● Task details: All lines between the one holding "Local Open Scope ring_scope." and the end of the material below, both ends included, should be restated exactly.

[Start of Attachment]

(* psi, computed with fuel; fuel #|V| + #|C| + 1 suffices since both recursive
   calls strictly decrease #|V| + #|C|. *)
Fixpoint psi_fuel (n : nat) (V : {set T}) (C : {set {set T}}) : option nat :=
  match n with
  | 0 => Some 0
  | n'.+1 =>
    if V == set0 then Some 0
    else if C == set0 then None
    else \big[emax/Some 0]_(F in C)
           emin (psi_fuel n' V (hdel C F))
                (eaddn (psi_fuel n' (hcolonV V C F) (hcolonE C F)) (#|F| - 1))
  end.

Definition psi (V : {set T}) (C : {set {set T}}) : option nat :=
  psi_fuel (#|V| + #|C|).+1 V C.

(* ---------- reduced simplicial homology with Z coefficients ----------
   A complex is a predicate on {set T} (its faces, including the empty face).
   Orientation: vertices ordered by enum_rank.  Chains are integer functions
   on {set T}; a k-vertex chain of D is supported on faces of D of size k.
   The augmented boundary (empty face in degree -1) is
     (bd c) tau = sum_{v notin tau} sign(v, v |: tau) * c (v |: tau). *)
Definition bsign (v : T) (s : {set T}) : int :=
  (-1) ^+ #|[set u in s | enum_rank u < enum_rank v]|.

Definition bd (c : {ffun {set T} -> int}) (tau : {set T}) : int :=
  \sum_(v | v \notin tau) bsign v (v |: tau) * c (v |: tau).

Definition chain_on (D : pred {set T}) (k : nat) (c : {ffun {set T} -> int}) : Prop :=
  forall s, c s != 0 -> D s /\ #|s| = k.

(* \tilde H_{k-1}(D; Z) = 0 *)
Definition rhom_vanish_size (D : pred {set T}) (k : nat) : Prop :=
  forall c, chain_on D k c -> (forall tau, bd c tau = 0) ->
  exists d, chain_on D k.+1 d /\ (forall s, bd d s = c s).

Definition rhom_vanish (D : pred {set T}) (i : int) : Prop :=
  if (i < -1)%R then True else rhom_vanish_size D `|(i + 1)%R|%N.

(* conn_h(D) >= m, with m = None meaning m = oo *)
Definition conn_h_ge (D : pred {set T}) (m : option int) : Prop :=
  forall i : int, (match m with Some m => (i <= m)%R | None => true end) ->
  rhom_vanish D i.

End Hyper.

From mathcomp Require Import all_boot all_order all_algebra.
From mathcomp Require Import ring zify.
Set Implicit Arguments.
Unset Strict Implicit.
Unset Printing Implicit Defensive.
Import GRing.Theory Num.Theory.

(* An edge F of C can be removed at the price of the faces containing it:
   Ind(C) is Ind(C - F) minus the star of F, and the link of F in Ind(C - F)
   is Ind(C : F).  So a k-cycle z of Ind(C) bounds a chain d in Ind(C - F);
   the part of d on faces containing F, read on the link, is a cycle of
   dimension k + 1 - |F| of Ind(C : F), hence bounds some g there, and
   d - bd(F * g) fills z inside Ind(C).  Along the recursion defining psi this
   leaves only hypergraphs without edges on a nonempty vertex set, whose
   independence complex is a simplex, hence a cone. *)

Section Chains.
Variable T : finType.
Implicit Types (s t F : {set T}) (u v w : T) (D : pred {set T}).
Local Notation chain := {ffun {set T} -> int}.
Local Open Scope ring_scope.

Lemma card_disjointU (A B : {set T}) :
  [disjoint A & B] -> #|A :|: B|%N = (#|A| + #|B|)%N.
Proof. by move=> dis; apply/eqP; rewrite (leq_card_setU A B). Qed.

Lemma disjointsU1 v t F :
  [disjoint v |: t & F] = (v \notin F) && [disjoint t & F].
Proof. by rewrite -setI_eq0 setIUl setU_eq0 !setI_eq0 disjoints1. Qed.

Lemma setUD_sub F s : F \subset s -> F :|: s :\: F = s.
Proof. by move=> Fs; rewrite -{2}(setID s F) (setIidPr Fs). Qed.

Lemma disjoint_setD F s : [disjoint s :\: F & F].
Proof. by rewrite disjoints_subset setDE subsetIr. Qed.

Lemma bsign_sq v s : bsign v s * bsign v s = 1.
Proof. by rewrite /bsign -exprD -signr_odd oddD addbb. Qed.

Lemma bsignU v s t :
  [disjoint s & t] -> bsign v (s :|: t) = bsign v s * bsign v t.
Proof.
move=> dis; rewrite /bsign -exprD; congr (_ ^+ _).
set P := fun u => (enum_rank u < enum_rank v)%N.
have -> : [set u in s :|: t | P u] = [set u in s | P u] :|: [set u in t | P u].
  by apply/setP => u; rewrite !inE andb_orl.
by apply: card_disjointU; apply: disjointW dis; apply/subsetP => u;
   rewrite inE => /andP[].
Qed.

Lemma bsign1 v w : bsign v [set w] = (-1) ^+ (enum_rank w < enum_rank v)%N.
Proof.
rewrite /bsign; congr (_ ^+ _); case: ltnP => wv.
  rewrite (_ : [set _ in _ | _] = [set w]) ?cards1 //.
  by apply/setP => u; rewrite !inE; case: eqP => // ->.
apply/eqP; rewrite cards_eq0; apply/eqP/setP => u; rewrite !inE.
by case: eqP => // ->; rewrite ltnNge wv.
Qed.

Lemma bsignU1 v w s :
  w \notin s -> bsign v (w |: s) = bsign v [set w] * bsign v s.
Proof. by move=> ws; rewrite bsignU // disjoints1. Qed.

Lemma bsign_self v s : v \notin s -> bsign v (v |: s) = bsign v s.
Proof. by move=> vs; rewrite bsignU1 // bsign1 ltnn mul1r. Qed.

[End of Attachment]

● Result of the task:
Local Open Scope ring_scope.

Lemma card_disjointU (A B : {set T}) :
  [disjoint A & B] -> #|A :|: B|%N = (#|A| + #|B|)%N.
Proof. by move=> dis; apply/eqP; rewrite (leq_card_setU A B). Qed.

Lemma disjointsU1 v t F :
  [disjoint v |: t & F] = (v \notin F) && [disjoint t & F].
Proof. by rewrite -setI_eq0 setIUl setU_eq0 !setI_eq0 disjoints1. Qed.

Lemma setUD_sub F s : F \subset s -> F :|: s :\: F = s.
Proof. by move=> Fs; rewrite -{2}(setID s F) (setIidPr Fs). Qed.

Lemma disjoint_setD F s : [disjoint s :\: F & F].
Proof. by rewrite disjoints_subset setDE subsetIr. Qed.

Lemma bsign_sq v s : bsign v s * bsign v s = 1.
Proof. by rewrite /bsign -exprD -signr_odd oddD addbb. Qed.

Lemma bsignU v s t :
  [disjoint s & t] -> bsign v (s :|: t) = bsign v s * bsign v t.
Proof.
move=> dis; rewrite /bsign -exprD; congr (_ ^+ _).
set P := fun u => (enum_rank u < enum_rank v)%N.
have -> : [set u in s :|: t | P u] = [set u in s | P u] :|: [set u in t | P u].
  by apply/setP => u; rewrite !inE andb_orl.
by apply: card_disjointU; apply: disjointW dis; apply/subsetP => u;
   rewrite inE => /andP[].
Qed.

Lemma bsign1 v w : bsign v [set w] = (-1) ^+ (enum_rank w < enum_rank v)%N.
Proof.
rewrite /bsign; congr (_ ^+ _); case: ltnP => wv.
  rewrite (_ : [set _ in _ | _] = [set w]) ?cards1 //.
  by apply/setP => u; rewrite !inE; case: eqP => // ->.
apply/eqP; rewrite cards_eq0; apply/eqP/setP => u; rewrite !inE.
by case: eqP => // ->; rewrite ltnNge wv.
Qed.

Lemma bsignU1 v w s :
  w \notin s -> bsign v (w |: s) = bsign v [set w] * bsign v s.
Proof. by move=> ws; rewrite bsignU // disjoints1. Qed.

Lemma bsign_self v s : v \notin s -> bsign v (v |: s) = bsign v s.
Proof. by move=> vs; rewrite bsignU1 // bsign1 ltnn mul1r. Qed.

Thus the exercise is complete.